As a preferred technical solution of the present invention, the specific expression of the image data obtaining unit for obtaining the image data of each region of the steel structure marked in the region marking unit is as follows:
TXSJ=[TSXJ1,…,TSXJi,…,TSXJI]
Wherein TXSJ denotes the region image dataset, TSXJ 1,…,TSXJi,…,TSXJI represent image data of the 1 st region,..+ -. Image data of the I th region, I is epsilon [1, I ], and the image data of the ith area is shot and acquired by the mobile shooting equipment.
As a preferred technical solution of the present invention, the image blur degree analysis unit is configured to analyze the image data of each region of the steel structure in the image data acquisition unit, and provide a sharpness coefficient of each region, and determine whether to re-photograph the corresponding region based on the sharpness coefficient of each region, where the specific steps are as follows:
a1, acquiring a shooting factor PSYZ i of shooting in an ith area;
A2, acquiring an image factor GRYZ i shot by an ith area;
And step A3, comprehensively calculating a definition coefficient QXXS i of the ith area, wherein the specific expression is as follows:
QXXSi=ω1*WJFSYZi+ω2*GRYZi
wherein ω 1 and ω 2 represent two weight coefficients summed to 1, respectively;
And step A4, judging whether the definition coefficient QXXS i of the ith area exceeds a definition threshold, if so, terminating the step A4, sending the image data TSXJ i of the ith area to an area image analysis unit, if not, re-shooting, setting the number of re-shooting of the ith area to be CP i =N, wherein N represents the execution number of the step A4, and when the number of re-shooting of the ith area to be CP i exceeds the maximum number of re-shooting.

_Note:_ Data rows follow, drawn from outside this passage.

(* Let $\mathbf{Z}\in\mathbb{R}^{n\times d}$ and $\lambda\geq 0$, and assume that $\lambda>0$ or that $\mathbf{Z}$ has full column rank. Let $s_{\lambda}(\mathbf{Z}):=\mathrm{Tr}\big((\mathbf{Z}^{T}\mathbf{Z}+\lambda\mathbf{I}_d)^{-1}\mathbf{Z}^{T}\mathbf{Z}\big)$. Let $\delta\in(0,1)$ and let $\mathbf{S}\in\mathbb{R}^{s\times n}$ be a CountSketch matrix with $s\geq 20\,s_{\lambda}(\mathbf{Z})^{2}/\delta$. Then with probability at least $1-\delta$, all generalized eigenvalues of the pencil $(\mathbf{Z}^{T}\mathbf{Z}+\lambda\mathbf{I}_d,\ \mathbf{Z}^{T}\mathbf{S}^{T}\mathbf{S}\mathbf{Z}+\lambda\mathbf{I}_d)$ lie in the interval $[1/2,3/2]$, and $\kappa(\mathbf{Z}^{T}\mathbf{Z}+\lambda\mathbf{I}_d,\ \mathbf{Z}^{T}\mathbf{S}^{T}\mathbf{S}\mathbf{Z}+\lambda\mathbf{I}_d)\leq 3$.
   Context: A CountSketch matrix $\mathbf{S}\in\mathbb{R}^{s\times n}$ is defined by a random hash function $h:\{1,\dots,n\}\to\{1,\dots,s\}$ and a random sign function $g:\{1,\dots,n\}\to\{-1,+1\}$: the $j$-th column of $\mathbf{S}$ has a single nonzero entry, equal to $g(j)$, in row $h(j)$; equivalently $(\mathbf{S}\mathbf{x})_i=\sum_{j:h(j)=i}g(j)x_j$. For a pencil $(\mathbf{A},\mathbf{B})$ with $\mathbf{B}$ symmetric positive definite, the generalized eigenvalues are the $\lambda$ with $\mathbf{A}\mathbf{v}=\lambda\mathbf{B}\mathbf{v}$ for some $\mathbf{v}\neq 0$, and $\kappa(\mathbf{A},\mathbf{B})$ denotes the ratio of the largest to the smallest generalized eigenvalue in absolute value (equal to $\kappa(\mathbf{B}^{-1/2}\mathbf{A}\mathbf{B}^{-1/2})$). *)

From HB Require Import structures.
From mathcomp Require Import all_boot all_order all_algebra.
From mathcomp Require Import boolp classical_sets reals.
Set Implicit Arguments. Unset Strict Implicit. Unset Printing Implicit Defensive.
Import Order.TTheory GRing.Theory Num.Theory.
Local Open Scope ring_scope.
Lemma rcons_subseq_flatten_rcons b w ws : w \in ws -> subseq (rcons w b) (flatten_rcons b ws).
Proof.
elim: ws => //= w' ws IH; rewrite inE flatten_rcons_cons => /predU1P [-> | /IH sub].
  exact: prefix_subseq.
exact: subseq_trans sub (suffix_subseq _ _).
Qed.

Lemma last_flatten_rcons x b ws : ws != [::] -> last x (flatten_rcons b ws) = b.
Proof.
elim: ws x => // w [|w' ws] IH x _; first by rewrite /flatten_rcons /= cats0 last_rcons.
by rewrite flatten_rcons_cons last_cat IH.
Qed.

Lemma flatten_rcons_inj b ws1 ws2 : b \notin flatten ws1 -> b \notin flatten ws2 ->
  flatten_rcons b ws1 = flatten_rcons b ws2 -> ws1 = ws2.
Proof.
elim: ws1 ws2 => [|w1 ws1 IH] [|w2 ws2] //=; rewrite ?flatten_rcons_cons ?cat_rcons.
- by case: w2.
- by case: w1.
rewrite !mem_cat !negb_or => /andP [bw1 bws1] /andP [bw2 bws2] E.
have index_b w s : b \notin w -> index b (w ++ b :: s) = size w.
  by move=> bw; rewrite index_cat (negbTE bw) /= eqxx addn0.
have size12 : size w1 = size w2.
  by rewrite -(index_b w1 (flatten_rcons b ws1) bw1) E index_b.
by move/eqP: E; rewrite eqseq_cat // eqseq_cons eqxx => /andP [/eqP -> /eqP /IH ->].
Qed.

Lemma rcons_flatten_rcons s b :
  exists2 ws, rcons s b = flatten_rcons b ws & b \notin flatten ws.
Proof.
elim: s => [|x s [ws Es bws]] /=; first by exists [:: [::]].
have [-> | xb] := eqVneq x b; first by exists ([::] :: ws); rewrite ?Es.
case: ws Es bws => [|w ws]; first by case: s.
rewrite flatten_rcons_cons /= mem_cat negb_or => Es /andP [bw bws].
by exists ((x :: w) :: ws); rewrite ?Es //= inE negb_or eq_sym xb mem_cat negb_or bw.
Qed.
(* For each $n\ge1$ let $(B_n,X^n(0),Y^n)$ be a random element of $\overline{\mathbb{R}}_+\times\mathbb{R}^2\times D^2$, and let $(\hat X^n,\hat V^n)\in D^2\times D^2$ be the unique solution of \begin{align*} \hat{X}_1^n(t) &= X_1^n(0) + Y^{n}_1(t) + \int_0^t(-\hat{X}_1^n(s)+\hat{X}_2^n(s))\,ds - \hat{V}_1^n(t), \\ \hat{X}_2^n(t) &= X_2^n(0) + Y^{n}_2(t) - \int_0^t\hat{X}_2^n(s)\,ds +\hat{V}_1^n(t)- \hat{V}_2^n(t), \end{align*} with $\hat X_1^n\le0$, $\hat X_2^n\le B_n$, $\hat V_1^n,\hat V_2^n$ nondecreasing nonnegative, $\int_0^\infty \mathbb{1}\{\hat{X}_1^n(t) < 0\}\,d\hat{V}_1^n(t)=0$ and $\int_0^\infty \mathbb{1}\{\hat{X}_2^n(t) < B_n\}\,d\hat{V}_2^n(t)=0$. If the sequences $(X^n(0))_{n\ge1}$ and $(Y_i^n)_{n\ge1}$, $i=1,2$, are stochastically bounded, then $(\hat X^n)_{n\ge1}$ is stochastically bounded in $D^2$ (no boundedness of $B_n$ is required).
   Context: A sequence of random elements $Z^n$ of $D$ (or $D^k$) is stochastically bounded if for every $t>0$ the sequence of real random variables $\|Z^n\|_t=\sup_{0\le s\le t}|Z^n(s)|$ (max over coordinates for $D^k$) is tight; a sequence of random vectors in $\mathbb{R}^k$ is stochastically bounded if it is tight. $D=D([0,\infty),\mathbb{R})$; $\overline{\mathbb{R}}_+=[0,\infty)\cup\{\infty\}$. *)

From HB Require Import structures.
From mathcomp Require Import all_boot all_order all_algebra.
From mathcomp Require Import all_classical all_reals all_analysis measurable_realfun.
Set Implicit Arguments. Unset Strict Implicit. Unset Printing Implicit Defensive.
Import Order.TTheory GRing.Theory Num.Theory.
Import numFieldNormedType.Exports.
Local Open Scope classical_set_scope.
Local Open Scope ring_scope.

(* A path of D = D([0,oo),R), represented as a function R -> R of which only
   the restriction to [0,oo) matters: right-continuous at every t >= 0,
   with left limits at every t > 0. *)
Definition cadlag {R : realType} (f : R -> R) : Prop :=
  (forall t : R, 0 <= t -> f x @[x --> t^'+] --> f t) /\
  (forall t : R, 0 < t -> cvg (f x @[x --> t^'-])).

Definition supnorm {R : realType} (f : R -> R) (t : R) : \bar R :=
  ereal_sup [set (`|f s|)%:E | s in `[0, t]].

(* Tightness of a sequence of nonnegative (extended-)real random variables
   Z n defined on probability spaces (Omega n, P n):
   for every eps > 0 there is M such that, for all n, with probability at
   least 1 - eps, Z n <= M.  (Stated with an inner probability, i.e. via
   a measurable event on which the bound holds; for measurable Z n this is
   P(Z n > M) <= eps.) *)
Definition tight_seq {R : realType} (d : nat -> measure_display)
  (Omega : forall n, measurableType (d n))
  (P : forall n, probability (Omega n) R)
  (Z : forall n, Omega n -> \bar R) : Prop :=
  forall eps : R, 0 < eps -> exists M : R, forall n : nat,
    exists A : set (Omega n), measurable A /\
      ((1 - eps)%:E <= P n A)%E /\ (forall w, A w -> (Z n w <= M%:E)%E).

Definition stoch_bounded_D2 {R : realType} (d : nat -> measure_display)
  (Omega : forall n, measurableType (d n))
  (P : forall n, probability (Omega n) R)
  (Z1 Z2 : forall n, Omega n -> R -> R) : Prop :=
  forall t : R, 0 < t ->
    tight_seq P (fun n w => Order.max (supnorm (Z1 n w) t) (supnorm (Z2 n w) t)).

Definition stoch_bounded_R2 {R : realType} (d : nat -> measure_display)
  (Omega : forall n, measurableType (d n))
  (P : forall n, probability (Omega n) R)
  (z1 z2 : forall n, Omega n -> R) : Prop :=
  tight_seq P (fun n w => (Order.max `|z1 n w| `|z2 n w|)%:E).

Definition ext0 {R : realType} (V : R -> R) : R -> R :=
  fun t => if (0 <= t)%R then V t else 0.

(* The Lebesgue-Stieltjes (outer) measure dV of a set S of times, for a
   nondecreasing cadlag V on [0,oo) extended by 0 on (-oo,0) (so that dV
   has an atom of mass V(0) at 0). *)
Definition dLS {R : realType} (V : R -> R) (S : set R) : \bar R :=
  mu_ext (wlength (ext0 V)) (S : set (ocitv_type R)).

Definition no_charge {R : realType} (V : R -> R) (S : set R) : Prop :=
  dLS V ([set t | 0 <= t] `&` S) = 0%E.

From HB Require Import structures.
From mathcomp Require Import all_boot all_order all_algebra.
From mathcomp Require Import all_classical all_reals all_analysis measurable_realfun.
From mathcomp Require Import lra.
Set Implicit Arguments. Unset Strict Implicit. Unset Printing Implicit Defensive.
Import Order.TTheory GRing.Theory Num.Theory.
Import numFieldNormedType.Exports.
Local Open Scope classical_set_scope.
Local Open Scope ring_scope.

(* On a time block of length 1/12 starting at c write x1 = x1(c) + e1 - dV1
   and x2 = x2(c) + e2 + dV1 - dV2, where e collects the increments of Y and
   of the drift integral.  By complementarity V1 only grows (up to a unit of
   slack) at times where x1 = 0, and V2 only where x2 >= B >= 0; this bounds
   dV1, then dV2, and hence x on the block, linearly in |x(c)| and sup |e|.
   The drift part of e is at most 1/12 of the supremum of |x| over the block
   itself, which makes the bound self-improving.  Chaining the 12t + 1 blocks
   covering [0, t] yields a deterministic bound on sup_[0,t] |x| in terms of
   bounds for |X(0)| and sup_[0,t] |Y| only; B enters solely through B >= 0.
   Tightness follows by intersecting the two events of probability at least
   1 - eps/2 on which these data bounds hold. *)

Section StieltjesNullSets.
Context {R : realType} (W : cumulative R R).

Lemma mu_ext_wlength_set1_ge (tau c : R) :
  (forall a, a < tau -> W a <= c) ->
  ((W tau - c)%:E <= mu_ext (wlength W) ([set tau] : set (ocitv_type R)))%E.
Proof.
move=> Wc; apply: le_ereal_inf_tmp => _ [F [mF cover] <-].
have [k _ Fk_tau] := cover tau erefl.
have wge0 n : (0 <= wlength W (F n))%E by exact: wlength_ge0.
rewrite (@nneseriesD1 _ _ k xpredT) //.
apply: (@le_trans _ _ (wlength W (F k))); last first.
  by rewrite leeDl// nneseries_ge0// => n _ _; exact: wlength_ge0.
have /ocitvP [Fk0|[[a b] /= ab Fkab]] := mF k; first by rewrite Fk0 in Fk_tau.
move: Fk_tau; rewrite Fkab /= in_itv /= => /andP[atau taub].
rewrite wlength_itv_bnd ?lee_fin; last exact: ltW.
by rewrite lerB// ?Wc//; exact: cumulative_is_nondecreasing.
Qed.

As a preferable technical scheme of the invention, the data acquisition module also stores a proportion set of black areas after the steel structure original image of each area is subjected to graying treatment;
the specific steps for acquiring the shooting factor PSYZ i of the ith area shooting in the step A1 are as follows:
A1.1, reading the image data TSXj i of the ith area, and performing binarization processing on the image data TSXJ i of the ith area;
Step A1.2, obtaining the proportion MJZB i of all black areas of the ith area, and calculating the shooting factor PSYZ i of the shooting of the ith area, wherein the specific expression is as follows:
Where, | MJZB i-MJZBi,0 | denotes an absolute value of MJZB i-MJZBi,0, MJZB i,0 denotes a proportion of a black region of the i-th region stored in the set of the ratios, and MJZB i denotes a proportion of a black region of the i-th region.
As a preferred technical solution of the present invention, the specific steps for obtaining the image factor GRYZ i captured by the ith area in the step A2 are as follows:
Step A2.1, reading shaking times DDCS i of the mobile shooting device when shooting an ith area;
And step A2.2, calculating an image factor GRYZ i shot by the ith area, wherein the specific expression is as follows:
Where e denotes a natural constant, DDCS i denotes the number of times the mobile photographing apparatus shakes when photographing the i-th region, and σ denotes the number of balance factors avoiding the denominator being 0.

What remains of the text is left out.